_Exercise instructions_
Gather all lines with "Hnear" from the records.

_Input for this task_
(* Let $k \ge 1$, $m \ge 1$, and let $b(n) = \left\lfloor \frac{(n+1)^2}{8}\right\rfloor$ for $n \ge 0$. The number of odd Grassmannian involutions of $[m]$ that avoid $\operatorname{id}_k = 12\cdots k$ equals $b(m)$ if $m \le k$; equals $b(2k-m)$ if $k < m < 2k$ and $m-k$ is even; equals $b(2k-m-2)$ if $k < m < 2k$ and $m-k$ is odd; and equals $0$ if $m \ge 2k$.
   Context: A permutation is Grassmannian if it has at most one descent; a Grassmannian involution is a Grassmannian permutation $\pi$ with $\pi^{-1}=\pi$; it is odd if it has an odd number of inversions. A permutation avoids $12\cdots k$ if it has no increasing subsequence of length $k$. *)

(* Permutations of [m] are represented by 'S_m (positions and
   values 0..m-1, order-isomorphic to 1..m). *)
From mathcomp Require Import all_boot all_fingroup.
Set Implicit Arguments. Unset Strict Implicit. Unset Printing Implicit Defensive.

Definition descents (m : nat) (s : 'S_m) : nat :=
  #|[set i : 'I_m | [exists j : 'I_m, (val j == (val i).+1) && (s j < s i)]]|.

Definition grassmannian (m : nat) (s : 'S_m) : bool := descents s <= 1.

Definition involution (m : nat) (s : 'S_m) : bool := (s^-1)%g == s.

Definition inversions (m : nat) (s : 'S_m) : nat :=
  #|[set p : 'I_m * 'I_m | (p.1 < p.2) && (s p.2 < s p.1)]|.

Definition odd_inv (m : nat) (s : 'S_m) : bool := odd (inversions s).

Definition contains_id (k m : nat) (s : 'S_m) : bool :=
  [exists f : {ffun 'I_k -> 'I_m},
     [forall i : 'I_k, forall j : 'I_k,
        (i < j) ==> ((f i < f j) && (s (f i) < s (f j))) ]].

Definition avoids_id (k m : nat) (s : 'S_m) : bool := ~~ contains_id k s.

Definition count_odd_grass_inv_avoiding (k m : nat) : nat :=
  #|[set s : 'S_m | [&& grassmannian s, involution s, odd_inv s & avoids_id k s]]|.

Definition b (n : nat) : nat := (n.+1 ^ 2) %/ 8.

From mathcomp Require Import all_boot all_fingroup zify.
Set Implicit Arguments. Unset Strict Implicit. Unset Printing Implicit Defensive.

(* A Grassmannian involution of [0, m) is either the identity or the swap of
   two adjacent blocks [a, a + c) and [a + c, a + 2c): its descent splits it
   into two increasing runs, f i >= i on the first and f i <= i on the second,
   and being an involution forces the points moved by the first run to form a
   block sent increasingly onto the next one.  Such a block swap has c^2
   inversions and its longest increasing subsequence has length m - c, so the
   count is the number of pairs (a, c) with c odd, c > m - k and a + 2c <= m,
   that is the sum over odd c > m - k of m + 1 - 2c, which is b evaluated at
   m - 2e for the least even e >= m - k. *)

Definition swap_blocks (a c i : nat) : nat :=
  if a <= i < a + c then i + c else if a + c <= i < a + c.*2 then i - c else i.

Lemma swap_blocksK a c : involutive (swap_blocks a c).
Proof. by move=> i; rewrite /swap_blocks; do ! case: ifP; lia. Qed.

Lemma swap_blocks0 a : swap_blocks a 0 =1 id.
Proof. by move=> i; rewrite /swap_blocks; do ! case: ifP; lia. Qed.

Lemma swap_blocks_lt a c m i : a + c.*2 <= m -> i < m -> swap_blocks a c i < m.
Proof. by rewrite /swap_blocks; do ! case: ifP; lia. Qed.

Lemma swap_blocks_descent a c i :
  swap_blocks a c i.+1 < swap_blocks a c i -> i.+1 = a + c.
Proof. by rewrite /swap_blocks; do ! case: ifP; lia. Qed.

Lemma swap_blocks_inversion a c i j : i < j ->
  (swap_blocks a c j < swap_blocks a c i) = (a <= i < a + c) && (a + c <= j < a + c.*2).
Proof. by move=> lt_ij; apply/idP/idP; rewrite /swap_blocks; do ! case: ifP; lia. Qed.

Lemma card_ord_interval N lo hi :
  lo <= hi <= N -> #|[set i : 'I_N | lo <= i < hi]| = hi - lo.
Proof.
move=> bounds; rewrite -sum1dep_card -(big_mkord (fun i => lo <= i < hi) (fun _ => 1)).
rewrite /index_iota subn0 sum1_count.
suff -> : forall n, count (fun i => lo <= i < hi) (iota 0 n) = minn hi n - minn lo n by lia.
elim=> [|n IH]; first by rewrite !minn0.
by rewrite -addn1 iotaD count_cat IH /=; lia.
Qed.

Section BlockSwap.
Variables (m a c : nat).

Definition swap_blocks_ord (i : 'I_m) : 'I_m :=
  insubd i (if a + c.*2 <= m then swap_blocks a c i else i).

Lemma val_swap_blocks_ord i :
  val (swap_blocks_ord i) = if a + c.*2 <= m then swap_blocks a c i else i.
Proof.
rewrite /swap_blocks_ord; case: ifP => fit; rewrite val_insubd.
  by rewrite swap_blocks_lt.
by rewrite ltn_ord.
Qed.

Lemma swap_blocks_ordK : involutive swap_blocks_ord.
Proof.
move=> i; apply: val_inj; rewrite !val_swap_blocks_ord.
by case: (a + c.*2 <= m); rewrite ?swap_blocksK.
Qed.

Definition block_swap : 'S_m := perm (can_inj swap_blocks_ordK).

Lemma involution_block_swap : involution block_swap.
Proof.
apply/eqP/permP => i; have block_swapK : block_swap (block_swap i) = i.
  by rewrite !permE swap_blocks_ordK.
by rewrite -{1}block_swapK permK.
Qed.

Hypothesis fit : a + c.*2 <= m.

Lemma block_swapE i : val (block_swap i) = swap_blocks a c i.
Proof. by rewrite permE val_swap_blocks_ord fit. Qed.
(* Let $(G,\mathcal J)$ be a generalized Kähler structure on a Courant algebroid $E$, with associated decomposition $E=E_+\oplus E_-$, and for $e\in E$ write $e_\pm$ for its $E_\pm$-components. Then $$[u,\mathcal Jv]_+-\mathcal J[u,v]_+=0\quad\text{for all }u\in\Gamma(E_-),\ v\in\Gamma(E_+),$$ and $$[u,\mathcal Jv]_--\mathcal J[u,v]_-=0\quad\text{for all }u\in\Gamma(E_+),\ v\in\Gamma(E_-).$$
   Context: A Courant algebroid on $M$ is a real vector bundle $E\to M$ with nondegenerate symmetric bilinear form $\langle\cdot,\cdot\rangle$, an $\mathbb R$-bilinear bracket $[\cdot,\cdot]$ on $\Gamma(E)$ (Dorfman bracket) and bundle map $\pi:E\to TM$ such that for $u,v,w\in\Gamma(E)$, $f\in C^\infty(M)$: $[u,[v,w]]=[[u,v],w]+[v,[u,w]]$; $\pi([u,v])=[\pi(u),\pi(v)]$; $[u,fv]=\pi(u)(f)v+f[u,v]$; $\pi(u)\langle v,w\rangle=\langle[u,v],w\rangle+\langle v,[u,w]\rangle$; $2\langle[u,u],v\rangle=\pi(v)\langle u,u\rangle$. A generalized metric is a subbundle $E_+$ on which $\langle\cdot,\cdot\rangle$ is nondegenerate; $E_-=E_+^\perp$, $G=\langle\cdot,\cdot\rangle|_{E_+}-\langle\cdot,\cdot\rangle|_{E_-}$, $G^{\mathrm{end}}=\pm\mathrm{Id}$ on $E_\pm$. A generalized almost complex structure is a $\langle\cdot,\cdot\rangle$-orthogonal $\mathcal J$ with $\mathcal J^2=-\mathrm{Id}$, integrable if $[\mathcal Ju,\mathcal Jv]-[u,v]-\mathcal J([\mathcal Ju,v]+[u,\mathcal Jv])=0$. $(G,\mathcal J)$ is generalized almost Hermitian if $G(\mathcal Ju,\mathcal Jv)=G(u,v)$ (then $\mathcal J$ preserves $E_\pm$), and generalized Kähler if moreover $\mathcal J$ and $G^{\mathrm{end}}\mathcal J$ are integrable. *)

(* Algebraic (section-level) model of a Courant algebroid:
   A plays the role of C^oo(M), V the role of Gamma(E) (an A-module),
   vector fields act on A as derivations via the anchor. *)
From HB Require Import structures.
From mathcomp Require Import all_boot all_order all_algebra.
Set Implicit Arguments. Unset Strict Implicit. Unset Printing Implicit Defensive.
Import GRing.Theory.
Local Open Scope ring_scope.

Definition is_derivation (A : comUnitRingType) (D : A -> A) : Prop :=
  (forall f g, D (f + g) = D f + D g) /\ (forall f g, D (f * g) = D f * g + f * D g).

(* Courant algebroid on the section module V, with pairing <.,.>, Dorfman
   bracket [.,.] and anchor pi (pi u is the vector field, acting on functions). *)
Record is_courant (A : comUnitRingType) (V : lmodType A)
    (pair : V -> V -> A) (br : V -> V -> V) (anc : V -> A -> A) : Prop := {
  ca_pair_sym : forall u v, pair u v = pair v u;
  ca_pair_lin : forall f u v w, pair (f *: u + v) w = f * pair u w + pair v w;
  ca_pair_nondeg : forall u, (forall w, pair u w = 0) -> u = 0;
  ca_anc_lin : forall f u v g, anc (f *: u + v) g = f * anc u g + anc v g;
  ca_anc_der : forall u, is_derivation (anc u);
  ca_br_addl : forall u v w, br (u + v) w = br u w + br v w;
  ca_br_addr : forall u v w, br u (v + w) = br u v + br u w;
  ca_jacobi : forall u v w, br u (br v w) = br (br u v) w + br v (br u w);
  ca_anc_hom : forall u v g, anc (br u v) g = anc u (anc v g) - anc v (anc u g);
  ca_leibniz : forall u f v, br u (f *: v) = anc u f *: v + f *: br u v;
  ca_invariance : forall u v w, anc u (pair v w) = pair (br u v) w + pair v (br u w);
  ca_sym_part : forall u v, 2%:R * pair (br u u) v = anc v (pair u u)
}.

(* A generalized metric E_+ is encoded by the projection P : E -> E_+ along
   E_- = E_+^perp; Gamma(E_+) = {v | P v = v}, Gamma(E_-) = {v | P v = 0}. *)
Record gen_metric (A : comUnitRingType) (V : lmodType A)
    (pair : V -> V -> A) (P : V -> V) : Prop := {
  gm_lin : forall f u v, P (f *: u + v) = f *: P u + P v;
  gm_idem : forall u, P (P u) = P u;
  gm_orth : forall u v, pair (P u) (v - P v) = 0
}.

Definition plus_comp (A : comUnitRingType) (V : lmodType A) (P : V -> V) (e : V) : V := P e.
Definition minus_comp (A : comUnitRingType) (V : lmodType A) (P : V -> V) (e : V) : V := e - P e.

Definition Gmetric (A : comUnitRingType) (V : lmodType A)
    (pair : V -> V -> A) (P : V -> V) (u v : V) : A :=
  pair (plus_comp P u) (plus_comp P v) - pair (minus_comp P u) (minus_comp P v).
Definition Gend (A : comUnitRingType) (V : lmodType A) (P : V -> V) (u : V) : V :=
  plus_comp P u - minus_comp P u.

Record gen_almost_complex (A : comUnitRingType) (V : lmodType A)
    (pair : V -> V -> A) (J : V -> V) : Prop := {
  gc_lin : forall f u v, J (f *: u + v) = f *: J u + J v;
  gc_sq : forall u, J (J u) = - u;
  gc_orth : forall u v, pair (J u) (J v) = pair u v
}.

Definition integrable (A : comUnitRingType) (V : lmodType A)
    (br : V -> V -> V) (J : V -> V) : Prop :=
  forall u v, br (J u) (J v) - br u v - J (br (J u) v + br u (J v)) = 0.

Definition gen_kahler (A : comUnitRingType) (V : lmodType A)
    (pair : V -> V -> A) (br : V -> V -> V) (P : V -> V) (J : V -> V) : Prop :=
  [/\ gen_metric pair P, gen_almost_complex pair J,
      (forall u v, Gmetric pair P (J u) (J v) = Gmetric pair P u v),
      integrable br J & integrable br (fun u => Gend P (J u))].

(* Both structures J and K := G J are integrable.  For u in E_- and v in E_+
   we have K u = - J u and K v = J v, so adding the two Nijenhuis identities
   kills the term [J u, J v], and in what remains J + K = 2 P J and
   J - K = 2 (1 - P) J.  Projecting onto E_+ gives 2 (P [u, v] + J P [u, J v]) = 0,
   which is the first identity once 2 is cancelled and J is applied; this needs
   P J = J P, which follows from G-orthogonality of J.  The second identity is
   the same computation for the projection 1 - P and the structure - G J. *)
From mathcomp Require Import all_boot all_order all_algebra.
Import GRing.Theory.
Set Implicit Arguments. Unset Strict Implicit. Unset Printing Implicit Defensive.
Local Open Scope ring_scope.

Lemma morph0_of_morphD (U W : zmodType) (f : U -> W) :
  {morph f : x y / x + y} -> f 0 = 0.
Proof. by move=> fD; apply: (@addrI _ (f 0)); rewrite -fD !addr0. Qed.

Lemma morphN_of_morphD (U W : zmodType) (f : U -> W) :
  {morph f : x y / x + y} -> {morph f : x / - x}.
Proof.
move=> fD x; apply/eqP; rewrite -addr_eq0 -fD addNr.
by rewrite (morph0_of_morphD fD).
Qed.

Lemma morphD_of_linear (A : comUnitRingType) (V : lmodType A) (f : V -> V) :
  (forall a u v, f (a *: u + v) = a *: f u + f v) -> {morph f : x y / x + y}.
Proof. by move=> f_lin x y; rewrite -[x]scale1r f_lin !scale1r. Qed.

Lemma mulrn2_eq0 (A : comUnitRingType) (V : lmodType A) (x : V) :
  (2%:R : A) \is a GRing.unit -> x *+ 2 = 0 -> x = 0.
Proof.
move=> two_unit /(congr1 (fun y => (2%:R : A)^-1 *: y)).
by rewrite -scaler_nat scalerA mulVr // scale1r scaler0.
Qed.

Lemma add_relations_mulrn2 (W : zmodType) (a b c d : W) :
  a - b - (c + d) = 0 -> - a - b - (- c + d) = 0 -> (b + d) *+ 2 = 0.
Proof.
move=> e1 e2; apply/eqP; rewrite -oppr_eq0 -[0]addr0 -{1}e1 -e2; apply/eqP.
rewrite mulr2n !opprD !opprK [RHS]addrACA (addrACA a) (addrACA (- c)).
by rewrite addrN addNr !add0r addrACA.
Qed.

Section Integrability.
Variables (A : comUnitRingType) (V : lmodType A) (br : V -> V -> V).
Hypotheses (br_addl : forall u v w, br (u + v) w = br u w + br v w)
           (br_addr : forall u v w, br u (v + w) = br u v + br u w).

Lemma br_oppl v : {morph br^~ v : u / - u}.
Proof. exact: morphN_of_morphD. Qed.

Lemma br_oppr u : {morph br u : v / - v}.
Proof. exact: morphN_of_morphD. Qed.

Lemma integrable_opp (K : V -> V) : {morph K : x y / x + y} ->
  integrable br K -> integrable br (fun x => - K x).
Proof.
move=> K_add intK u v; rewrite br_oppl br_oppr opprK br_oppl br_oppr.
by rewrite -opprD (morphN_of_morphD K_add) !opprK intK.
Qed.

Variables (J K Q : V -> V).
Hypotheses (J_add : {morph J : x y / x + y}) (K_add : {morph K : x y / x + y})
           (Q_add : {morph Q : x y / x + y}).
Hypotheses (JJ : forall x, J (J x) = - x)
           (intJ : integrable br J) (intK : integrable br K)
           (QK : forall x, Q (K x) = Q (J x)) (QJ : forall x, Q (J x) = J (Q x)).

(* K = G J, Q = P for the first identity; K = - G J, Q = 1 - P for the second. *)
Lemma proj_br_J (u v : V) : (2%:R : A) \is a GRing.unit ->
  K u = - J u -> K v = J v -> Q (br u (J v)) = J (Q (br u v)).
Proof.
move=> two_unit Ku Kv.
have QN := morphN_of_morphD Q_add; have JN := morphN_of_morphD J_add.
have KN := morphN_of_morphD K_add.
have e1 := congr1 Q (intJ u v); have e2 := congr1 Q (intK u v).
rewrite (morph0_of_morphD Q_add) !(Q_add, QN, QJ, J_add) in e1.
rewrite Ku Kv !br_oppl (morph0_of_morphD Q_add) in e2.
rewrite !(Q_add, QN, K_add, KN, QK, QJ, J_add, JN) in e2.
have /eqP := mulrn2_eq0 two_unit (add_relations_mulrn2 e1 e2).
by rewrite addr_eq0 => /eqP ->; rewrite JN JJ opprK.
Qed.

End Integrability.

Section GeneralizedMetric.
Variables (A : comUnitRingType) (V : lmodType A) (pair : V -> V -> A) (P : V -> V).
Hypothesis hP : gen_metric pair P.

Let P_add : {morph P : x y / x + y}.
Proof. exact: morphD_of_linear (gm_lin hP). Qed.

Lemma GendE u : Gend P u = P u *+ 2 - u.
Proof. by rewrite /Gend /plus_comp /minus_comp opprB addrA mulr2n. Qed.

Lemma Gend_add : {morph Gend P : x y / x + y}.
Proof. by move=> x y; rewrite !GendE P_add mulrnDl opprD addrACA. Qed.

Lemma minus_comp_add : {morph minus_comp P : x y / x + y}.
Proof. by move=> x y; rewrite /minus_comp P_add opprD addrACA. Qed.

Lemma P_Gend u : P (Gend P u) = P u.
Proof.
rewrite /Gend /plus_comp /minus_comp !(P_add, morphN_of_morphD P_add).
by rewrite (gm_idem hP) subrr subr0.
Qed.

Lemma minus_comp_Gend u : minus_comp P (Gend P u) = - minus_comp P u.
Proof. by rewrite {1}/minus_comp P_Gend /Gend /plus_comp opprB addrAC subrr add0r. Qed.

Lemma Gend_plus u : P u = u -> Gend P u = u.
Proof. by rewrite /Gend /plus_comp /minus_comp => ->; rewrite subrr subr0. Qed.

Lemma Gend_minus u : P u = 0 -> Gend P u = - u.
Proof. by rewrite /Gend /plus_comp /minus_comp => ->; rewrite sub0r subr0. Qed.

Hypotheses (pair_sym : forall u v, pair u v = pair v u)
           (pair_lin : forall f u v w, pair (f *: u + v) w = f * pair u w + pair v w).

Let pair_addl w : {morph pair^~ w : u v / u + v}.
Proof. by move=> u v /=; rewrite -[u]scale1r pair_lin mul1r scale1r. Qed.

Let pair_addr u : {morph pair u : v w / v + w}.
Proof. by move=> v w /=; rewrite !(pair_sym u) pair_addl. Qed.

Lemma pair_Gend u v : pair (Gend P u) v = Gmetric pair P u v.
Proof.
have pair_oppr w : {morph pair w : v / - v} := morphN_of_morphD (pair_addr w).
have orthP x y : pair (P x) y = pair (P x) (P y).
  by apply/eqP; rewrite -subr_eq0 -pair_oppr -pair_addr (gm_orth hP).
have orthM x y : pair (x - P x) y = pair (x - P x) (y - P y).
  by rewrite pair_addr pair_oppr [pair _ (P y)]pair_sym (gm_orth hP) subr0.
by rewrite /Gend /Gmetric /plus_comp /minus_comp pair_addl
   (morphN_of_morphD (pair_addl v)) orthP orthM.
Qed.

Variable J : V -> V.
Hypotheses (pair_nondeg : forall u, (forall w, pair u w = 0) -> u = 0)
           (hJ : gen_almost_complex pair J)
           (J_Gorth : forall u v, Gmetric pair P (J u) (J v) = Gmetric pair P u v).

Let J_add : {morph J : x y / x + y}.
Proof. exact: morphD_of_linear (gc_lin hJ). Qed.

Lemma Gend_J u : Gend P (J u) = J (Gend P u).
Proof.
apply/eqP; rewrite -subr_eq0; apply/eqP; apply: pair_nondeg => w.
have -> : w = J (- J w) by rewrite (morphN_of_morphD J_add) (gc_sq hJ) opprK.
rewrite pair_addl (morphN_of_morphD (pair_addl _)) (gc_orth hJ).
by rewrite !pair_Gend J_Gorth subrr.
Qed.

Hypothesis two_unit : (2%:R : A) \is a GRing.unit.

Lemma P_J u : P (J u) = J (P u).
Proof.
have twice_P x : P x *+ 2 = Gend P x + x by rewrite GendE subrK.
apply/eqP; rewrite -subr_eq0; apply/eqP; apply: (mulrn2_eq0 two_unit).
by rewrite mulrnBl twice_P Gend_J -J_add -twice_P !mulr2n J_add subrr.
Qed.

Lemma minus_comp_J u : minus_comp P (J u) = J (minus_comp P u).
Proof. by rewrite /minus_comp P_J J_add (morphN_of_morphD J_add). Qed.

End GeneralizedMetric.

Theorem lemma5p1 (A : comUnitRingType) (V : lmodType A)
    (pair : V -> V -> A) (br : V -> V -> V) (anc : V -> A -> A)
    (P : V -> V) (J : V -> V) :
  (2%:R : A) \is a GRing.unit ->
  is_courant pair br anc ->
  gen_kahler pair br P J ->
  (forall u v, P u = 0 -> P v = v ->
     plus_comp P (br u (J v)) - J (plus_comp P (br u v)) = 0) /\
  (forall u v, P u = u -> P v = 0 ->
     minus_comp P (br u (J v)) - J (minus_comp P (br u v)) = 0).
Proof.
move=> two_unit [sym lin nondeg _ _ br_addl br_addr _ _ _ _ _] [hP hJ J_Gorth intJ intGJ].
have J_add := morphD_of_linear (gc_lin hJ).
have GJ_add : {morph (fun x => Gend P (J x)) : x y / x + y}.
  by move=> x y; rewrite /= J_add (Gend_add hP).
have PJ := P_J hP sym lin nondeg hJ J_Gorth two_unit.
have J0 := morph0_of_morphD J_add.
split=> u v Pu Pv; apply/eqP; rewrite subr_eq0; apply/eqP.
- apply: (proj_br_J br_addl J_add GJ_add (morphD_of_linear (gm_lin hP))
    (gc_sq hJ) intJ intGJ) => //.
  + by move=> x; rewrite /plus_comp (P_Gend hP).
  + by rewrite Gend_minus // PJ Pu J0.
  + by rewrite Gend_plus // PJ Pv.
- have NGJ_add : {morph (fun x => - Gend P (J x)) : x y / x + y}.
    by move=> x y; rewrite GJ_add opprD.
  apply: (proj_br_J br_addl J_add NGJ_add (minus_comp_add hP)
    (gc_sq hJ) intJ (integrable_opp br_addl br_addr GJ_add intGJ)) => //.
  + by move=> x; rewrite (morphN_of_morphD (minus_comp_add hP)) (minus_comp_Gend hP) opprK.
  + exact: (minus_comp_J hP sym lin nondeg hJ J_Gorth two_unit).
  + by rewrite Gend_plus ?PJ ?Pu // opprK.
  + by rewrite Gend_minus ?PJ ?Pv ?J0 // opprK.
Qed.
Lemma right_deriv_psi_inner (u d : R) : 0 < u -> 0 < d ->
  (forall z, u < z < u + d -> distance z < ra) -> right_deriv psi u 0.
Proof.
  intros Hu Hd Hin. apply right_deriv_psi_of_near; [exact Hu|]. intros eps Heps.
  exists d. split; [exact Hd|]. intros z Hz.
  rewrite turn_rate_of_lt by now apply Hin. rewrite Rminus_0_r, Rabs_R0. lra.
Qed.

Lemma right_deriv_psi_tangent (u : R) : 0 < u -> distance u = ra -> rcos u = 0 ->
  right_deriv psi u (outer_rate u).
Proof.
  intros Hu Hr HA. pose proof ra_pos.
  assert (H0 : outer_rate u = 0).
  { unfold outer_rate. rewrite HA, tangent_length_of_le by (rewrite <- distance_sq, Hr; lra).
    unfold Rdiv. ring. }
  apply right_deriv_psi_of_near; [exact Hu|]. intros eps Heps.
  destruct (continuous_right_near outer_rate u eps (continuous_outer_rate u Hu ltac:(lra)) Heps)
    as [d [Hd Hnear]].
  exists d. split; [exact Hd|]. intros z Hz. specialize (Hnear z Hz). rewrite H0 in *.
  destruct (Rle_dec ra (distance z)).
  - rewrite turn_rate_of_ge by (auto; lra). lra.
  - rewrite turn_rate_of_lt by lra. rewrite Rminus_0_r, Rabs_R0. lra.
Qed.

Lemma right_deriv_psi (u : R) : 0 < u -> exists w, right_deriv psi u w /\ rate_branch u w.
Proof.
  intros Hu. pose proof ra_pos.
  destruct (Rtotal_order ra (distance u)) as [Hgt|[Heq|Hlt]].
  - exists (outer_rate u). split; [|now left].
    destruct (continuous_right_near distance u (distance u - ra) (continuous_distance u Hu))
      as [d [Hd Hnear]]; [lra|].
    apply (right_deriv_psi_outer u d); [exact Hu|lra|exact Hd|].
    intros z Hz. specialize (Hnear z Hz). apply Rabs_lt_between in Hnear. lra.
  - set (l := - V * rcos u / distance u).
    assert (Hl : right_deriv distance u l)
      by (apply (right_deriv_of_is_derive distance); [apply is_derive_distance; lra|auto]).
    destruct (Rtotal_order (rcos u) 0) as [Aneg|[A0|Apos]].
    + exists (outer_rate u). split; [|now left].
      assert (0 < l) by (unfold l; apply Rdiv_lt_0_compat; nra).
      destruct (Hl (l / 2) ltac:(lra)) as [d [Hd Hnear]].
      apply (right_deriv_psi_outer u d); [exact Hu|lra|exact Hd|].
      intros z Hz. specialize (Hnear z Hz). apply Rabs_le_between in Hnear. nra.
    + exists (outer_rate u). split; [now apply right_deriv_psi_tangent|now left].
    + exists 0. split; [|right; split; lra].
      assert (l < 0) by (unfold l, Rdiv; rewrite <- Heq; apply Rmult_neg_pos; [nra|now apply Rinv_0_lt_compat]).
      destruct (Hl (- l / 2) ltac:(lra)) as [d [Hd Hnear]].
      apply (right_deriv_psi_inner u d); [exact Hu|exact Hd|].
      intros z Hz. specialize (Hnear z Hz). apply Rabs_le_between in Hnear. nra.
  - exists 0. split; [|right; split; lra].
    destruct (continuous_right_near distance u (ra - distance u) (continuous_distance u Hu))
      as [d [Hd Hnear]]; [lra|].
    apply (right_deriv_psi_inner u d); [exact Hu|exact Hd|].
    intros z Hz. specialize (Hnear z Hz). apply Rabs_lt_between in Hnear. lra.
Qed.

Lemma is_derive_rcos_along (p : R -> R) (u w : R) : 0 < u -> is_derive p u w -> p u = psi u ->
  is_derive (rcos_along p) u (- V - rsin u * w).
Proof.
  intros Hu Hp Hpu. unfold rcos_along. auto_derive.
  - repeat split; eexists; eauto.
  - replace (Derive (fun t => x t) u) with (V * cos (psi u)) by (symmetry; apply is_derive_unique; auto).
    replace (Derive (fun t => y t) u) with (V * sin (psi u)) by (symmetry; apply is_derive_unique; auto).
    replace (Derive (fun t => p t) u) with w by (symmetry; now apply is_derive_unique).
    rewrite Hpu. unfold rsin, rsin_along.
    pose proof (sin2_cos2 (psi u)) as H. unfold Rsqr in H.
    transitivity (- V * (sin (psi u) * sin (psi u) + cos (psi u) * cos (psi u))
      - ((xT - x u) * sin (psi u) - (yT - y u) * cos (psi u)) * w); [ring|].
    rewrite H. ring.
Qed.

Lemma is_derive_rsin_along (p : R -> R) (u w : R) : 0 < u -> is_derive p u w -> p u = psi u ->
  is_derive (rsin_along p) u (rcos u * w).
Proof.
  intros Hu Hp Hpu. unfold rsin_along. auto_derive.
  - repeat split; eexists; eauto.
  - replace (Derive (fun t => x t) u) with (V * cos (psi u)) by (symmetry; apply is_derive_unique; auto).
    replace (Derive (fun t => y t) u) with (V * sin (psi u)) by (symmetry; apply is_derive_unique; auto).
    replace (Derive (fun t => p t) u) with w by (symmetry; now apply is_derive_unique).
    rewrite Hpu. unfold rcos, rcos_along. ring.
Qed.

_Problem solution_
    as [d [Hd Hnear]].
  exists d. split; [exact Hd|]. intros z Hz. specialize (Hnear z Hz). rewrite H0 in *.
      as [d [Hd Hnear]]; [lra|].
    intros z Hz. specialize (Hnear z Hz). apply Rabs_lt_between in Hnear. lra.
      destruct (Hl (l / 2) ltac:(lra)) as [d [Hd Hnear]].
      intros z Hz. specialize (Hnear z Hz). apply Rabs_le_between in Hnear. nra.
      destruct (Hl (- l / 2) ltac:(lra)) as [d [Hd Hnear]].
      intros z Hz. specialize (Hnear z Hz). apply Rabs_le_between in Hnear. nra.
      as [d [Hd Hnear]]; [lra|].
    intros z Hz. specialize (Hnear z Hz). apply Rabs_lt_between in Hnear. lra.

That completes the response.